▸ The problem
Lines in the material below that include "andP" need to be tallied; give the total alone.

──────────

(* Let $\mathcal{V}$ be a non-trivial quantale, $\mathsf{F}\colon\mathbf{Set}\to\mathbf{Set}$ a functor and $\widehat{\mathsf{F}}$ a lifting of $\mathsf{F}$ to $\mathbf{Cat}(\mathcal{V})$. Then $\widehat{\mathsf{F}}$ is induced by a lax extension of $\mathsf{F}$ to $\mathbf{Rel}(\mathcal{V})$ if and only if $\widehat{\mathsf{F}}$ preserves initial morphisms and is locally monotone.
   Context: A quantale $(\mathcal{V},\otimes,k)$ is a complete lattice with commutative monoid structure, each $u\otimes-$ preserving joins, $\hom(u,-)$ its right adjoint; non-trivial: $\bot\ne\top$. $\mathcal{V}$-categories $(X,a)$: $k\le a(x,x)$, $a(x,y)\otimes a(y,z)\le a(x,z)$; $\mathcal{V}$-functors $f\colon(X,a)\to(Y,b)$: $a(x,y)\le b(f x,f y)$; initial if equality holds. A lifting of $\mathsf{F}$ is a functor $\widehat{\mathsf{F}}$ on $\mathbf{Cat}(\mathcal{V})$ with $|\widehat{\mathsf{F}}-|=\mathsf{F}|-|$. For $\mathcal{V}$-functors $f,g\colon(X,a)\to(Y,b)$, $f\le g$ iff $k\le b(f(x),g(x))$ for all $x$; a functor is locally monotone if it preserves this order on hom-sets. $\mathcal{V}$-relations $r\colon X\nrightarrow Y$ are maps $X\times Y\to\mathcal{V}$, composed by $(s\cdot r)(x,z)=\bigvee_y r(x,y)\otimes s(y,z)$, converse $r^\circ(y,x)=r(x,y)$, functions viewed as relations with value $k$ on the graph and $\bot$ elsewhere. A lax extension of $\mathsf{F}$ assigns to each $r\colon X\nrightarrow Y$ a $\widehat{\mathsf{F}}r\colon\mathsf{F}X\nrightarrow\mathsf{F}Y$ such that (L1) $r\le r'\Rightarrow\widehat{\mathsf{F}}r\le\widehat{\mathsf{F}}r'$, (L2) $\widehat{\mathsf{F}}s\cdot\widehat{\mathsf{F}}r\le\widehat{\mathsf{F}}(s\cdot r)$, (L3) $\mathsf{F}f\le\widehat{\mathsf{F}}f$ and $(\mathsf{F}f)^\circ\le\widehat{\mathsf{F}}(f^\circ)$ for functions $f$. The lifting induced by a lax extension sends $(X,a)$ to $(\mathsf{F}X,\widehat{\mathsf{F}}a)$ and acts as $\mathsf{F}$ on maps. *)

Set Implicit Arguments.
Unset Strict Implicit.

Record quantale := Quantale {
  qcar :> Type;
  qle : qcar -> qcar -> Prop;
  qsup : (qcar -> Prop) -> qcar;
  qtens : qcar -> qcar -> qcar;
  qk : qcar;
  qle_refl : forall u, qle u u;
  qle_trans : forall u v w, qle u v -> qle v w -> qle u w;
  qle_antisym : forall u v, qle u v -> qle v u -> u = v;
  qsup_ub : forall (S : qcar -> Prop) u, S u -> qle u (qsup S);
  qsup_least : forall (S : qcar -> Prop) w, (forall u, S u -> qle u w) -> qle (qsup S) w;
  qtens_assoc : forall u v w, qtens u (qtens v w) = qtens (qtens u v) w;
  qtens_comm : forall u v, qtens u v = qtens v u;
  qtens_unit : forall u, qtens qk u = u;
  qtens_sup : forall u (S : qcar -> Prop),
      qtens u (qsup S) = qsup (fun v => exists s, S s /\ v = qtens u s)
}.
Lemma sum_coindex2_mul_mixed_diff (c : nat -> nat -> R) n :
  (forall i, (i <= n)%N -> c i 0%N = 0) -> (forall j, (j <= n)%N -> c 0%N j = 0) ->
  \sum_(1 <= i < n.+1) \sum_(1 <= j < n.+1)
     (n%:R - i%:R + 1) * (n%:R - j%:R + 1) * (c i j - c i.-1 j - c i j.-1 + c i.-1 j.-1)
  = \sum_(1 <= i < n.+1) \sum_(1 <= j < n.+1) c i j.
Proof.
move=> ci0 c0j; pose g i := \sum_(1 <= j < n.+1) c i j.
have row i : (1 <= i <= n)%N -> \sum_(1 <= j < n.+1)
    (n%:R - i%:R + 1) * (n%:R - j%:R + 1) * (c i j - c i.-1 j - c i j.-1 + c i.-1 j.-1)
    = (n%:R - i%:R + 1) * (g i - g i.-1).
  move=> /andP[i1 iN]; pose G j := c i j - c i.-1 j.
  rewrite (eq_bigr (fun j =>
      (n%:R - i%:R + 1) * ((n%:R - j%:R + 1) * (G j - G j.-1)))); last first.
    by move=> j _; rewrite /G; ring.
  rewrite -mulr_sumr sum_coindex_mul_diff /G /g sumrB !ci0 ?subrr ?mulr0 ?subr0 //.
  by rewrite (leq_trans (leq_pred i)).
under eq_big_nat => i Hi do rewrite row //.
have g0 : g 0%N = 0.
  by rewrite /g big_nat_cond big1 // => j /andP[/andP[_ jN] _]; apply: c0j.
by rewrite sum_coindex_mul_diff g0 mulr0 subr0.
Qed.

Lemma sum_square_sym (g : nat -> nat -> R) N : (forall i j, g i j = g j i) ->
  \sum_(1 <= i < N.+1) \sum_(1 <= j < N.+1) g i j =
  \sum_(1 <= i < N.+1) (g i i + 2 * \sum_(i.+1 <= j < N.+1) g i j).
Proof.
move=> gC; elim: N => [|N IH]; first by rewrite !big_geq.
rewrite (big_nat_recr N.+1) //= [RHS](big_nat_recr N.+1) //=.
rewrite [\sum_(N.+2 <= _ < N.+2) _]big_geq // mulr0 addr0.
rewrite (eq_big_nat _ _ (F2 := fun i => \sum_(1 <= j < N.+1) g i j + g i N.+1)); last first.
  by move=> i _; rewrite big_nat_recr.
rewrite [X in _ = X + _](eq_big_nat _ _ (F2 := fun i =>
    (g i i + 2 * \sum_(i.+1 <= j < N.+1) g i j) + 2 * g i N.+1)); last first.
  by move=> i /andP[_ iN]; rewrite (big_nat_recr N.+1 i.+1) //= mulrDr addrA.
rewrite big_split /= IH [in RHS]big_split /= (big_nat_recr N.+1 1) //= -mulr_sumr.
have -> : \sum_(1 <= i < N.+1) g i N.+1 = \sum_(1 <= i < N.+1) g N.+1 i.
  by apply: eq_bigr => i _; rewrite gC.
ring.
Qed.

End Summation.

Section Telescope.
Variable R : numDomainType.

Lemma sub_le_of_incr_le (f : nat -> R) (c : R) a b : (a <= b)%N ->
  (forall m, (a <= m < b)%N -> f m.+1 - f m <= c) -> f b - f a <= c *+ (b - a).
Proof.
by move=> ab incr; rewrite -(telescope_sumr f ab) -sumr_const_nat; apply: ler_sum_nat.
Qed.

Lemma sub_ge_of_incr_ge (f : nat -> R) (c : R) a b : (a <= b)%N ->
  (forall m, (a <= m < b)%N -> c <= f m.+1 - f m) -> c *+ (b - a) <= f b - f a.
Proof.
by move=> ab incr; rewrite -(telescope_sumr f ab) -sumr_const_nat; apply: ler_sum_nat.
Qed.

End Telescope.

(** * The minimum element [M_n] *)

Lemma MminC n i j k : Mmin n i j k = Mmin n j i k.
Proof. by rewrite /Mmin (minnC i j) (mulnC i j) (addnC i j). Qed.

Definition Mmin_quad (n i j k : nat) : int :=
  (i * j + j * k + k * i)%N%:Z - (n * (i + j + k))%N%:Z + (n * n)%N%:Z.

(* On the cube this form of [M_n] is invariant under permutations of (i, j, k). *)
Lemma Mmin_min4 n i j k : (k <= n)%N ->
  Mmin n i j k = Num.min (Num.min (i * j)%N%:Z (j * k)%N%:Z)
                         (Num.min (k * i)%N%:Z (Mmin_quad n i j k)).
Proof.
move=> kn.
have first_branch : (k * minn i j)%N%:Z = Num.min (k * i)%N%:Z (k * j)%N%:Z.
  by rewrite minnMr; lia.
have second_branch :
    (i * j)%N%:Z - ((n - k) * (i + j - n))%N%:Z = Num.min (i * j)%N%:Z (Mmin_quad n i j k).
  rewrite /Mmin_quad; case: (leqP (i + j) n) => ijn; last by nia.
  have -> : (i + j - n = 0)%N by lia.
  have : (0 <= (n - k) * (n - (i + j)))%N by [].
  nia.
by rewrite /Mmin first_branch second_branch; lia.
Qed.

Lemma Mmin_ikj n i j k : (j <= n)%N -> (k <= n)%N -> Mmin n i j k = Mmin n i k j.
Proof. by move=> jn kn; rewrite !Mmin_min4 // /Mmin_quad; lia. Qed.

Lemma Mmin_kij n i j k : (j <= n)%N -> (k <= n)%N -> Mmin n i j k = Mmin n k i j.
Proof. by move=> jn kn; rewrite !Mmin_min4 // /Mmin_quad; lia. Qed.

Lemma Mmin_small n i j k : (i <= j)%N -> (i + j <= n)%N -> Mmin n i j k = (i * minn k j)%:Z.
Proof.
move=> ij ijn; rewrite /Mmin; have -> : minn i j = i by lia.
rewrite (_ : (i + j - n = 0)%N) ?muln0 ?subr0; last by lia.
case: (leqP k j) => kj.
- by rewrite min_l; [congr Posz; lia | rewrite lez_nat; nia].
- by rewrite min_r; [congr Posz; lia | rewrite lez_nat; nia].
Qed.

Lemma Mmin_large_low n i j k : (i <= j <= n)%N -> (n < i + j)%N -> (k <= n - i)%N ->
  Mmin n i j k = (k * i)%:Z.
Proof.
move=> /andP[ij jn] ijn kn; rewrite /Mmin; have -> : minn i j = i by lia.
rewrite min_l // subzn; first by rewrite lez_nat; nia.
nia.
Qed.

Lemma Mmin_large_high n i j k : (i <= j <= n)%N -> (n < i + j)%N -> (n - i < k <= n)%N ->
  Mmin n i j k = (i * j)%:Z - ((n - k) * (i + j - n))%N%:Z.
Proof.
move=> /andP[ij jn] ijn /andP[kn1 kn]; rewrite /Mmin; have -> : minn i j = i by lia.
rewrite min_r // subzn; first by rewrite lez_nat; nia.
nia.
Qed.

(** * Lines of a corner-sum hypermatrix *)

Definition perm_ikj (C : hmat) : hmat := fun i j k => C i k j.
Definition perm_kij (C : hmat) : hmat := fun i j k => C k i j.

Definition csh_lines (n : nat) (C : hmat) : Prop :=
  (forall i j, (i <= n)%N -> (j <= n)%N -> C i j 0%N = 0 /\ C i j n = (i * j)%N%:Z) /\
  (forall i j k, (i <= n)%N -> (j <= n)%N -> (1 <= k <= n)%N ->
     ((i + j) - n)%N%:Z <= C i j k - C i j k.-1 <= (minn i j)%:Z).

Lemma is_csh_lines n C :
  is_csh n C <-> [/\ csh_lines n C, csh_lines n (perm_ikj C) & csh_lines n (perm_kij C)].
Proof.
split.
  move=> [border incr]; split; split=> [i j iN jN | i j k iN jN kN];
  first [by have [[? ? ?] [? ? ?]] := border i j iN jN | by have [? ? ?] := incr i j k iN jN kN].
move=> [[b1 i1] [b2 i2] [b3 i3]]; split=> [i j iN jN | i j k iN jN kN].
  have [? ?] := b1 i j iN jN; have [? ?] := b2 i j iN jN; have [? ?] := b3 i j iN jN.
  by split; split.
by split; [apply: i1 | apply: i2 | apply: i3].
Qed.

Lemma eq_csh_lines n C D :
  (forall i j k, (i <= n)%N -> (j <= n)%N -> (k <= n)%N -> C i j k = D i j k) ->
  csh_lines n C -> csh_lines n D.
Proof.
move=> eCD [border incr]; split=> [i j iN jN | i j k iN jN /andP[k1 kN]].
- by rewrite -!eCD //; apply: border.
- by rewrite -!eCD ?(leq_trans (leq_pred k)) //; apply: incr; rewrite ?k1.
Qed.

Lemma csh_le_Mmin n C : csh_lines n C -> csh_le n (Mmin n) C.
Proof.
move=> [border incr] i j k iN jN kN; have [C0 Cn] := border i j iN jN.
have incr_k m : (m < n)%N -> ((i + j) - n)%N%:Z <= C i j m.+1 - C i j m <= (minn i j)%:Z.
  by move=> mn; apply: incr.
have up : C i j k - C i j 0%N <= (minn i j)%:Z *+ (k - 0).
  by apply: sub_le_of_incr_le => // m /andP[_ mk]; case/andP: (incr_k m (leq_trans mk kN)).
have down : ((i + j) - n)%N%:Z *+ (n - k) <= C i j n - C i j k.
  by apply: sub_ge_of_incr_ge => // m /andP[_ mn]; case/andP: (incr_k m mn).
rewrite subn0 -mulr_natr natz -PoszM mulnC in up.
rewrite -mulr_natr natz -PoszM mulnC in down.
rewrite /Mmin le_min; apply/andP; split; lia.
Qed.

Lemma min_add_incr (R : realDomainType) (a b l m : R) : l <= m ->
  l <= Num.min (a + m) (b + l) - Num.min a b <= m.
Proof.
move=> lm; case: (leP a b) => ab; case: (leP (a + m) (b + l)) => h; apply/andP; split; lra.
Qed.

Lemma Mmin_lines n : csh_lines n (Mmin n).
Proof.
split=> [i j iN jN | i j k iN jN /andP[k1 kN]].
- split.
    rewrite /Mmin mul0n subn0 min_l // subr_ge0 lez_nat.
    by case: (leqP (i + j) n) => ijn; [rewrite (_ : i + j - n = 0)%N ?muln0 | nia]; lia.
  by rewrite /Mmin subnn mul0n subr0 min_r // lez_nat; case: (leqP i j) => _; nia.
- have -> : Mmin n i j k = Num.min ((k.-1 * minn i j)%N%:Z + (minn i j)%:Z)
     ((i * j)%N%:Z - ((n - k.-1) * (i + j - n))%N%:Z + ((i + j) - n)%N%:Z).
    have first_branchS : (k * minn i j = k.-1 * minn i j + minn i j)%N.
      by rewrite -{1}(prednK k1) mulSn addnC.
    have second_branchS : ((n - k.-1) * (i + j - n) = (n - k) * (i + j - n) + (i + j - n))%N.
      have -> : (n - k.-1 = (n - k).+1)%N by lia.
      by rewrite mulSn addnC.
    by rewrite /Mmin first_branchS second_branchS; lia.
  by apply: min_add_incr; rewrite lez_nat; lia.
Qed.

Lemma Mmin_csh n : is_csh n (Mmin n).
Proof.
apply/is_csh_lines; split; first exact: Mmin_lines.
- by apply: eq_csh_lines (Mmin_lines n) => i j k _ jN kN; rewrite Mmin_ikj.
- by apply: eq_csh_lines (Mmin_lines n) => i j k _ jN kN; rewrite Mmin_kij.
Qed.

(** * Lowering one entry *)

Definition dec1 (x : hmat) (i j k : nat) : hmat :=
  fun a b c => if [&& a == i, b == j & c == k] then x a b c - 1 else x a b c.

──────────

▸ Answer to this task
11